Records drawn from a dataset
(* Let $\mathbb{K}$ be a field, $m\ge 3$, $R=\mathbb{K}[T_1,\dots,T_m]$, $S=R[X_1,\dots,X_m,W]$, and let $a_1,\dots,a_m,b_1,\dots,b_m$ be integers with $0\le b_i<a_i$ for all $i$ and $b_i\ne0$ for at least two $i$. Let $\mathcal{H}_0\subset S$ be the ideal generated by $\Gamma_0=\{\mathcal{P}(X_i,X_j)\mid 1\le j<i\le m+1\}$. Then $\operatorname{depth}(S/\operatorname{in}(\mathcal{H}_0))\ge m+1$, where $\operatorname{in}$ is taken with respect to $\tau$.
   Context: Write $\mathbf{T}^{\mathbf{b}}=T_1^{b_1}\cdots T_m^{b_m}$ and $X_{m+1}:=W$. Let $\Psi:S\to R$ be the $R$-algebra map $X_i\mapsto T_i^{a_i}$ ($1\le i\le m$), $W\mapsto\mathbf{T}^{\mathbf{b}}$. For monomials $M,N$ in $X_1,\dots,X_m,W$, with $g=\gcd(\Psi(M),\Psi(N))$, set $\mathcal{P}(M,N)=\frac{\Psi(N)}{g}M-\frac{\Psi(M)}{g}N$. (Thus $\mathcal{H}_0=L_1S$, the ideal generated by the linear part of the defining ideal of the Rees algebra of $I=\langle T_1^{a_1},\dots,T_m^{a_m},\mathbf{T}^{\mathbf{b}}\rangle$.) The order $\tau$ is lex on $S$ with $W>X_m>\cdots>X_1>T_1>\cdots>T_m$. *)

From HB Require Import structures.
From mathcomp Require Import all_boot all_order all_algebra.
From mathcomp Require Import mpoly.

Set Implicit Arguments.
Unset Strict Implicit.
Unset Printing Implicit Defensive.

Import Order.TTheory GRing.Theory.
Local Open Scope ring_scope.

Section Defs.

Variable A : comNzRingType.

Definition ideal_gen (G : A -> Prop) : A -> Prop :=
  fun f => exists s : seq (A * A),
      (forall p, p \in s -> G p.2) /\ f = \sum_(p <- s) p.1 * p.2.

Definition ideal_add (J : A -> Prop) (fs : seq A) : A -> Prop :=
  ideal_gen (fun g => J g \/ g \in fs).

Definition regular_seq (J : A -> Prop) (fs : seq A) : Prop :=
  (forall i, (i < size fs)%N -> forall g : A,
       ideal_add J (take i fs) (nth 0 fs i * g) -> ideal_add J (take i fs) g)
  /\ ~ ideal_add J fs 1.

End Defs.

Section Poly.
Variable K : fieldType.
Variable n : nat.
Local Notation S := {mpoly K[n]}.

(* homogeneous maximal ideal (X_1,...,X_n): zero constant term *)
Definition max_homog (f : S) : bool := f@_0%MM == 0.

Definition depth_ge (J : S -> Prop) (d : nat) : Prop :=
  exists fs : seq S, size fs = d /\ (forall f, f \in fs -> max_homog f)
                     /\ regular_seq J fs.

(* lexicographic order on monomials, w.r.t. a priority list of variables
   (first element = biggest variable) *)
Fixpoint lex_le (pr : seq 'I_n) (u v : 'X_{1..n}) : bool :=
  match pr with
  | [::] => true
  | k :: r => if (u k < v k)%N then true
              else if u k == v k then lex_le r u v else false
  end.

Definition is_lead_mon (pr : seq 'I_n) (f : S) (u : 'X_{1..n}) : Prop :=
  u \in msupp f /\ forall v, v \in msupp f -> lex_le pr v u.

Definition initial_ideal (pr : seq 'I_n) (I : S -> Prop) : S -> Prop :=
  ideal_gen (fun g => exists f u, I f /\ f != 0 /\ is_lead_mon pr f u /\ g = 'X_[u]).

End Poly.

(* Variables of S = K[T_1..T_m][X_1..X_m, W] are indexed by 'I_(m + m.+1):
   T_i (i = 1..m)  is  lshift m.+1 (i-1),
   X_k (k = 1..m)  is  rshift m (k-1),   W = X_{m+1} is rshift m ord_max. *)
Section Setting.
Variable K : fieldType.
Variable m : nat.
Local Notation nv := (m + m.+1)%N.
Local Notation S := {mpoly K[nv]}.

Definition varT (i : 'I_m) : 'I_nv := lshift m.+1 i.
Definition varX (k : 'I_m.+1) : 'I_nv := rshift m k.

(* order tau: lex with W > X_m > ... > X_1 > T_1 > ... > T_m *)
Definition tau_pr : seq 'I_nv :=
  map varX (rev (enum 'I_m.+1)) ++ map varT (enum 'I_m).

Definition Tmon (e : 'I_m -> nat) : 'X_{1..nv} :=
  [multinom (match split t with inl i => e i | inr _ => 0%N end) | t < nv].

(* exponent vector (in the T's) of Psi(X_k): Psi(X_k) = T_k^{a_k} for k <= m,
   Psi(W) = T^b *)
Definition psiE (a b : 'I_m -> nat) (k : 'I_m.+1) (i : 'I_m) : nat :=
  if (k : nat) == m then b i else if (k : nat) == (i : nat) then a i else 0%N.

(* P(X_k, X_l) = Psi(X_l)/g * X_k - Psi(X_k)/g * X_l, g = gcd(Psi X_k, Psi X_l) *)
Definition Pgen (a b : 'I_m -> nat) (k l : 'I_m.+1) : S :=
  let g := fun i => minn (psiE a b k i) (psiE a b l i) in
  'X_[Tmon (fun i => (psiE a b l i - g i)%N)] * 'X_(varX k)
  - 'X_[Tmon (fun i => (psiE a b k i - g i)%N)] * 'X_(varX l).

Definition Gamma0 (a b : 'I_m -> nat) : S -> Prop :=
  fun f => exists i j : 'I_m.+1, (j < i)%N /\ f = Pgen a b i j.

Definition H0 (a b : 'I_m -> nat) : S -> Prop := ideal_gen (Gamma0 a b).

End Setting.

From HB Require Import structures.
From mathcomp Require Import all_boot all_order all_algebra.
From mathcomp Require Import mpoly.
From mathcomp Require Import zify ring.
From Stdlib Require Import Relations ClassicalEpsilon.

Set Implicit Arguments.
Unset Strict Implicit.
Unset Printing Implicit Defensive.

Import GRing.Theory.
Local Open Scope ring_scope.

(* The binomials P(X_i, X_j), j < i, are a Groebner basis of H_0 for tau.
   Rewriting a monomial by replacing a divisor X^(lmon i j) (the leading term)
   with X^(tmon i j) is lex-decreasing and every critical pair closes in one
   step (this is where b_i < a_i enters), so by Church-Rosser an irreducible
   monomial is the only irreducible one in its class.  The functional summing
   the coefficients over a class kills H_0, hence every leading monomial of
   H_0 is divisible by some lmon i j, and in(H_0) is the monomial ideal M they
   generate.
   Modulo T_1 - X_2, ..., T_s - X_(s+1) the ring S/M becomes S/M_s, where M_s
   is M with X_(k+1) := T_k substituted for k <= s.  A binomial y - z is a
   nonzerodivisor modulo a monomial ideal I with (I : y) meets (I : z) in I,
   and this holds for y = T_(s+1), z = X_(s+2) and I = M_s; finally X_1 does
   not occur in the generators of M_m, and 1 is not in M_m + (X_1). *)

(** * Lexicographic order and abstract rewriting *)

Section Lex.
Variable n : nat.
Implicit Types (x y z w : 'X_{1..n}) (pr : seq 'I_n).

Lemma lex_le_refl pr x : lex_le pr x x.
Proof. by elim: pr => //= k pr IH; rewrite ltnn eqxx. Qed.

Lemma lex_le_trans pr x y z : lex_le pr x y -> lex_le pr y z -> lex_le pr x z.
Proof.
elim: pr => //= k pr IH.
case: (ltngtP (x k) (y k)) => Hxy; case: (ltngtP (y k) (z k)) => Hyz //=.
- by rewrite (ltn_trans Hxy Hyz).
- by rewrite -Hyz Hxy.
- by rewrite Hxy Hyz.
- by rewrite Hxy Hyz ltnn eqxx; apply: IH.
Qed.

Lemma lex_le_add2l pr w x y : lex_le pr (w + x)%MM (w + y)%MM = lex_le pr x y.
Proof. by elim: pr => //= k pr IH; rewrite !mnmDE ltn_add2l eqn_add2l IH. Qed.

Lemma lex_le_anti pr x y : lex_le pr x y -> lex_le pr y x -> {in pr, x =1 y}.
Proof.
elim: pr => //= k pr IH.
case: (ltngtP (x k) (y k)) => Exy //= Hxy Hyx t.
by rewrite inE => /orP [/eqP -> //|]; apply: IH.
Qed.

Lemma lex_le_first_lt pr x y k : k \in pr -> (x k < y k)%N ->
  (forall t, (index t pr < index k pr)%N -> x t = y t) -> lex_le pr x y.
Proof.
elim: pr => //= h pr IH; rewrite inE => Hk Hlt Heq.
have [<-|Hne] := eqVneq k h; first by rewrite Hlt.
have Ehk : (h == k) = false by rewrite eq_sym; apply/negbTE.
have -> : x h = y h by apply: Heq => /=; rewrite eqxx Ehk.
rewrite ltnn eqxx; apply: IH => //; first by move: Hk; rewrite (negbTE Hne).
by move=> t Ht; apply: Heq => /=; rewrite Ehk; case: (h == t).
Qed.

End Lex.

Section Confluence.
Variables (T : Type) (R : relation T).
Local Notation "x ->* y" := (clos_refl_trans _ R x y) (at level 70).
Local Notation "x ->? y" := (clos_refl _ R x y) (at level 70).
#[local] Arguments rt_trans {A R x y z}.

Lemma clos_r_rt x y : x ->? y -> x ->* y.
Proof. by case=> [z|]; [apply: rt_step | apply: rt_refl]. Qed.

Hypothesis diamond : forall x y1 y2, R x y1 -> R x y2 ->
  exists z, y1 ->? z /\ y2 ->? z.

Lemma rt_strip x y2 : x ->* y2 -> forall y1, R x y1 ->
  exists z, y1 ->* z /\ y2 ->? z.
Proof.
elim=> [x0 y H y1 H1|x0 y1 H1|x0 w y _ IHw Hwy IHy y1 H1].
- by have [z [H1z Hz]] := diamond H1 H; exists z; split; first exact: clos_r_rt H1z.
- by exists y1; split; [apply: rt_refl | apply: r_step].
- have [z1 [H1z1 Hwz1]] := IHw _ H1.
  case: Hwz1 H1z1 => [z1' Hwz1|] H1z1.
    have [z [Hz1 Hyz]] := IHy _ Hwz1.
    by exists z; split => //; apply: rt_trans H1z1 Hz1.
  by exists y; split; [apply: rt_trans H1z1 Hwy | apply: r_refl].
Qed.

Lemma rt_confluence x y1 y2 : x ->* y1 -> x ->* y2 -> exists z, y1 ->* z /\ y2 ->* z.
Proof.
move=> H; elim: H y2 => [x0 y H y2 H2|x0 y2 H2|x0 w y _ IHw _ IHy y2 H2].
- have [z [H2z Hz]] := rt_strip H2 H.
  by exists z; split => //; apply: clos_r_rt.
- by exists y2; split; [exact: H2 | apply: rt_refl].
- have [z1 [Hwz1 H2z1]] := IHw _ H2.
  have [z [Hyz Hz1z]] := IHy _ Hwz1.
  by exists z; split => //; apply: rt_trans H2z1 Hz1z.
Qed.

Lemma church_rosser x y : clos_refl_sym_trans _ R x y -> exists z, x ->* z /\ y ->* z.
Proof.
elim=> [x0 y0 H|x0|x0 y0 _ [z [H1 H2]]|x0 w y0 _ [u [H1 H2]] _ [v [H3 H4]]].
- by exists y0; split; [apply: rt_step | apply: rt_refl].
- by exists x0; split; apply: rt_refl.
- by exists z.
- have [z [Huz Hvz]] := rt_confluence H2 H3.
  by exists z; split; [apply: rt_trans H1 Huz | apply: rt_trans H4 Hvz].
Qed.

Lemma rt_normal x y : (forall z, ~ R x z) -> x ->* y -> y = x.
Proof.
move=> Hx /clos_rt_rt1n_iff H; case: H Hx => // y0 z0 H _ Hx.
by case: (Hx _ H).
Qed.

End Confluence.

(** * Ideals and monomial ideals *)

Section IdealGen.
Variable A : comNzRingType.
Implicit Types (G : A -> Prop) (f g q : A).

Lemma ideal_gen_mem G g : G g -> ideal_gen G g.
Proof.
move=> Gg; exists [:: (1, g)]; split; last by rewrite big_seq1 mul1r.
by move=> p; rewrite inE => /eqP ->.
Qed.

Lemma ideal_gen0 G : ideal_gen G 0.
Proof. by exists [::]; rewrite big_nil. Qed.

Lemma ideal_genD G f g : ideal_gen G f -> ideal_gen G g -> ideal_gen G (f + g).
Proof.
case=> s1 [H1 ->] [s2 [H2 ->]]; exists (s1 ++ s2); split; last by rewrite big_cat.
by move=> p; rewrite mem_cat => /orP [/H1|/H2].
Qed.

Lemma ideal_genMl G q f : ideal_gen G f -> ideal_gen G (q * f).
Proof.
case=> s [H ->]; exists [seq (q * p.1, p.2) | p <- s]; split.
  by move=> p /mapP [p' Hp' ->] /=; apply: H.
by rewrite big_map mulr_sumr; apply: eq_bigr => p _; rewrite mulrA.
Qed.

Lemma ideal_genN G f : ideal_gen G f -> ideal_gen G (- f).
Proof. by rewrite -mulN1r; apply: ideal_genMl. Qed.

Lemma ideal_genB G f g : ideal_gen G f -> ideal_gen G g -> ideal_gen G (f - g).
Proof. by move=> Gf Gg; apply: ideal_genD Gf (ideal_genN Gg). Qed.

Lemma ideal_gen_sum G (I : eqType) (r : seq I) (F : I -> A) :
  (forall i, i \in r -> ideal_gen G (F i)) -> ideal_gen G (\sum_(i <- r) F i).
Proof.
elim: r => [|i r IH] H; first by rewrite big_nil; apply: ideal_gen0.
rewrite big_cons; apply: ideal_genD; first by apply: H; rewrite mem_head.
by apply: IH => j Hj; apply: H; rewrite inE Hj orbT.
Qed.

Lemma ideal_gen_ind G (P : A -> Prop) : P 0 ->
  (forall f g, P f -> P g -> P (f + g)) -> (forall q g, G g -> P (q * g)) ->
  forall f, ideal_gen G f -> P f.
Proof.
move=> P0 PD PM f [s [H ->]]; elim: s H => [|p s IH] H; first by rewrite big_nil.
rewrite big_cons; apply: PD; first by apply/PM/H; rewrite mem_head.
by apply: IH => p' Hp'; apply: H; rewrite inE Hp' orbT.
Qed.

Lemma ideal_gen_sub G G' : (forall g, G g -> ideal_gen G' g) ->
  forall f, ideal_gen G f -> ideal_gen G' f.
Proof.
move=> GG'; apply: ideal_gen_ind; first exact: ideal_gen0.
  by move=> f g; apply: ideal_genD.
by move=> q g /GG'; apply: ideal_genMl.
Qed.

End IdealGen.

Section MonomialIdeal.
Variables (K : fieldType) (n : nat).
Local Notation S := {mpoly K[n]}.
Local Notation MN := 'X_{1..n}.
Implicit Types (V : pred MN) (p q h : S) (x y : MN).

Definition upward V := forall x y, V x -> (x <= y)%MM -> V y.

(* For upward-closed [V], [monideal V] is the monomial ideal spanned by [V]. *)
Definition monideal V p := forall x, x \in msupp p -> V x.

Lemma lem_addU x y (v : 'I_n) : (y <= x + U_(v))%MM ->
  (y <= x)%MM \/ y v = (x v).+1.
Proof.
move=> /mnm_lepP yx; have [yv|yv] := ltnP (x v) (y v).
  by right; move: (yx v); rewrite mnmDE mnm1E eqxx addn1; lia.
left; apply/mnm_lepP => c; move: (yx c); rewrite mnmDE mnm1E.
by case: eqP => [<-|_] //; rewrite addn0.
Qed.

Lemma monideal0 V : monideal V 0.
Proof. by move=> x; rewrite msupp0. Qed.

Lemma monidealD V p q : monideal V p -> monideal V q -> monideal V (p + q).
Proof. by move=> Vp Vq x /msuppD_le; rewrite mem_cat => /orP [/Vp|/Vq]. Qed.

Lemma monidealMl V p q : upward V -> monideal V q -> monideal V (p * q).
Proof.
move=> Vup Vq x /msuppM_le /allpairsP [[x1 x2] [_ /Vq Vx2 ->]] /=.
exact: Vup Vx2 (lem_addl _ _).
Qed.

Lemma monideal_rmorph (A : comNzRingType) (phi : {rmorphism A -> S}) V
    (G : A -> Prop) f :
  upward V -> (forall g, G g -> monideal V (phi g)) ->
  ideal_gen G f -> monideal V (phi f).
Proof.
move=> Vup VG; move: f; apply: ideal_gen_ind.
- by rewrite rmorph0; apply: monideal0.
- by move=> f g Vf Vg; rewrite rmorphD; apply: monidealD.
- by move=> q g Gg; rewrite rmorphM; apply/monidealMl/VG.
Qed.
* * *
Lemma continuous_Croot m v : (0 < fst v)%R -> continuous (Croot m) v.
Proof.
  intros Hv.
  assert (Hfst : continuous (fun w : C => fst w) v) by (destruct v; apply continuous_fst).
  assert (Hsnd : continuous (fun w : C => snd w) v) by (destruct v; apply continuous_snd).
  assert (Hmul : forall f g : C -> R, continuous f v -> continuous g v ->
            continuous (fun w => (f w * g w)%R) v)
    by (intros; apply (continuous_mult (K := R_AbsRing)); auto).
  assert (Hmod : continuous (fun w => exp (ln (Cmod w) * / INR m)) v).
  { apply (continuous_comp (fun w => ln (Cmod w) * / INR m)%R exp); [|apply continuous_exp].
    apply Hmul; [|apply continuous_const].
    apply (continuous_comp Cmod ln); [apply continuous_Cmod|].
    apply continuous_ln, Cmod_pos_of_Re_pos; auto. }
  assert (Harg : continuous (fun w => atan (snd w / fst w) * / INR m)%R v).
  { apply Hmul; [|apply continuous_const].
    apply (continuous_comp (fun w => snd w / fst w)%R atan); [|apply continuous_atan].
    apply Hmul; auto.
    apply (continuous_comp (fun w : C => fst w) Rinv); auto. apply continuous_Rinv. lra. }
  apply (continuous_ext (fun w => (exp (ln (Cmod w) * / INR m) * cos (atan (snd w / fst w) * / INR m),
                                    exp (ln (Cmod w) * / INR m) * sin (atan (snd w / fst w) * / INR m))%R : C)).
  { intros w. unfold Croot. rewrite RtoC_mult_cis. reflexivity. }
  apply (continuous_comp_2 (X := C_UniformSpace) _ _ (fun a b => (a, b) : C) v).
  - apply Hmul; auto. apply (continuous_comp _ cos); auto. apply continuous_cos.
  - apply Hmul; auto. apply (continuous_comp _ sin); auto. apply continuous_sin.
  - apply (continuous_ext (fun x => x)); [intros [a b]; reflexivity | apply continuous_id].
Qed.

• [Directions]
Taking the entries above, restate exactly those lines that fall between the line with "ideal_add J fs 1." and the line with "(* Variables of", keeping both of those lines too.

• [Task answer]
  /\ ~ ideal_add J fs 1.

End Defs.

Section Poly.
Variable K : fieldType.
Variable n : nat.
Local Notation S := {mpoly K[n]}.

(* homogeneous maximal ideal (X_1,...,X_n): zero constant term *)
Definition max_homog (f : S) : bool := f@_0%MM == 0.

Definition depth_ge (J : S -> Prop) (d : nat) : Prop :=
  exists fs : seq S, size fs = d /\ (forall f, f \in fs -> max_homog f)
                     /\ regular_seq J fs.

(* lexicographic order on monomials, w.r.t. a priority list of variables
   (first element = biggest variable) *)
Fixpoint lex_le (pr : seq 'I_n) (u v : 'X_{1..n}) : bool :=
  match pr with
  | [::] => true
  | k :: r => if (u k < v k)%N then true
              else if u k == v k then lex_le r u v else false
  end.

Definition is_lead_mon (pr : seq 'I_n) (f : S) (u : 'X_{1..n}) : Prop :=
  u \in msupp f /\ forall v, v \in msupp f -> lex_le pr v u.

Definition initial_ideal (pr : seq 'I_n) (I : S -> Prop) : S -> Prop :=
  ideal_gen (fun g => exists f u, I f /\ f != 0 /\ is_lead_mon pr f u /\ g = 'X_[u]).

End Poly.

(* Variables of S = K[T_1..T_m][X_1..X_m, W] are indexed by 'I_(m + m.+1):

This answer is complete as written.